Temporal Tokenization Strategies for Event Sequence Modeling with Large Language Models
This addresses the under-explored challenge of temporal representation for event sequence modeling, which is incremental as it compares existing strategies rather than introducing a new method.
This paper tackles the problem of representing continuous time in temporal event sequence modeling with large language models by empirically comparing five temporal tokenization strategies on real-world datasets. The result shows that no single strategy is universally superior, with performance depending on aligning the tokenizer with the data's statistical properties, such as log-based strategies for skewed distributions and human-centric formats for mixed modalities.
Representing continuous time is a critical and under-explored challenge in modeling temporal event sequences with large language models (LLMs).
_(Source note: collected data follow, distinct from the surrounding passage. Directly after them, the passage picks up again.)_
(* Let $b>1$, $L>\pi$, and $\bar a\in\left(0,1-\frac{\pi^2}{L^2}\right)$. Then there exists a pair $(\phi,\psi)$ solving $$-\phi''=\phi(1-\phi-\bar a\psi),\quad -\psi''=\psi(1-b\phi-\psi)\ \text{ in }(0,L),\qquad \phi(0)=\phi(L)=0,\ \psi(0)=\psi(L)=1,$$ with $0<\phi(x)<1$ and $0<\psi(x)<1$ for all $x\in(0,L)$. *)

From Stdlib Require Import Reals.
From Coquelicot Require Import Coquelicot.
Open Scope R_scope.

Definition classical_C2 (L : R) (f f1 f2 : R -> R) : Prop :=
  (forall x, 0 <= x <= L -> continuous f x) /\
  (forall x, 0 < x < L ->
     is_derive f x (f1 x) /\ is_derive f1 x (f2 x) /\ continuous f2 x).

(* Monotone iteration for the competitive system.  Adding [m^2 phi] and [m^2 psi] to both
   sides, with [m^2 >= b + 2], turns it into [- u'' + m^2 u = F(phi, psi)] where [F1] is
   nondecreasing in [phi] and nonincreasing in [psi], and [F2] the reverse.  Let [G] be the
   Dirichlet Green operator of [- d^2/dx^2 + m^2] on [(0, L)] and [h] the solution of the
   homogeneous equation equal to [1] at both ends.  Starting from [(1, 0)] and iterating
   [phi <- G F1(phi, psi)], [psi <- G F2(phi, psi) + h], the comparison principle makes
   [phi_n] decrease and [psi_n] increase inside [[0, 1]], and keeps [phi_n] above the
   subsolution [(1 - abar - pi^2 / L^2) sin (pi x / L)], positive by hypothesis.  The
   iterates are uniformly Lipschitz, hence converge uniformly, and the limit is a fixed
   point, i.e. a classical solution.  Strict bounds: [phi <= G m^2 = 1 - h < 1],
   [psi >= h > 0], and [1 - psi = G (m^2 - F2) >= G (b phi psi)] dominates a positive
   multiple of [sin (pi x / L)]. *)

From Stdlib Require Import Reals Lra Psatz Lia.
From Coquelicot Require Import Coquelicot.
Open Scope R_scope.

Lemma exp_le x y : x <= y -> exp x <= exp y.
Proof. intros [Hlt | ->]; [left; now apply exp_increasing | lra]. Qed.

Lemma sinh_plus x y : sinh (x + y) = sinh x * cosh y + cosh x * sinh y.
Proof. unfold sinh, cosh. rewrite Ropp_plus_distr, !exp_plus. field. Qed.

Lemma sinh_le x y : x <= y -> sinh x <= sinh y.
Proof. intros [Hlt | ->]; [left; apply sinh_lt |]; lra. Qed.

Lemma sinh_nonneg x : 0 <= x -> 0 <= sinh x.
Proof. intros Hx. rewrite <- sinh_0. now apply sinh_le. Qed.

Lemma cosh_opp x : cosh (- x) = cosh x.
Proof. unfold cosh. rewrite Ropp_involutive. field. Qed.

Lemma cosh_ge_1 x : 1 <= cosh x.
Proof.
  unfold cosh. pose proof (exp_ineq1_le x). pose proof (exp_ineq1_le (- x)). lra.
Qed.

Lemma cosh_le_exp x T : Rabs x <= T -> cosh x <= exp T.
Proof.
  intros Hx. apply Rabs_le_between in Hx. unfold cosh.
  assert (exp x <= exp T) by (apply exp_le; lra).
  assert (exp (- x) <= exp T) by (apply exp_le; lra).
  lra.
Qed.

Lemma Rabs_sinh_le_cosh x : Rabs (sinh x) <= cosh x.
Proof.
  unfold sinh, cosh. pose proof (exp_pos x). pose proof (exp_pos (- x)).
  apply Rabs_le. lra.
Qed.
Various strategies like byte-level representations or calendar tokens have been proposed. However, the optimal approach remains unclear, especially given the diverse statistical distributions of real-world event data, which range from smooth log-normal to discrete, spiky patterns. This paper presents the first empirical study of temporal tokenization for event sequences, comparing distinct encoding strategies: naive numeric strings, high-precision byte-level representations, human-semantic calendar tokens, classic uniform binning, and adaptive residual scalar quantization. We evaluate these strategies by fine-tuning LLMs on real-world datasets that exemplify these diverse distributions. Our analysis reveals that no single strategy is universally superior; instead, prediction performance depends heavily on aligning the tokenizer with the data's statistical properties, with log-based strategies excelling on skewed distributions and human-centric formats proving robust for mixed modalities.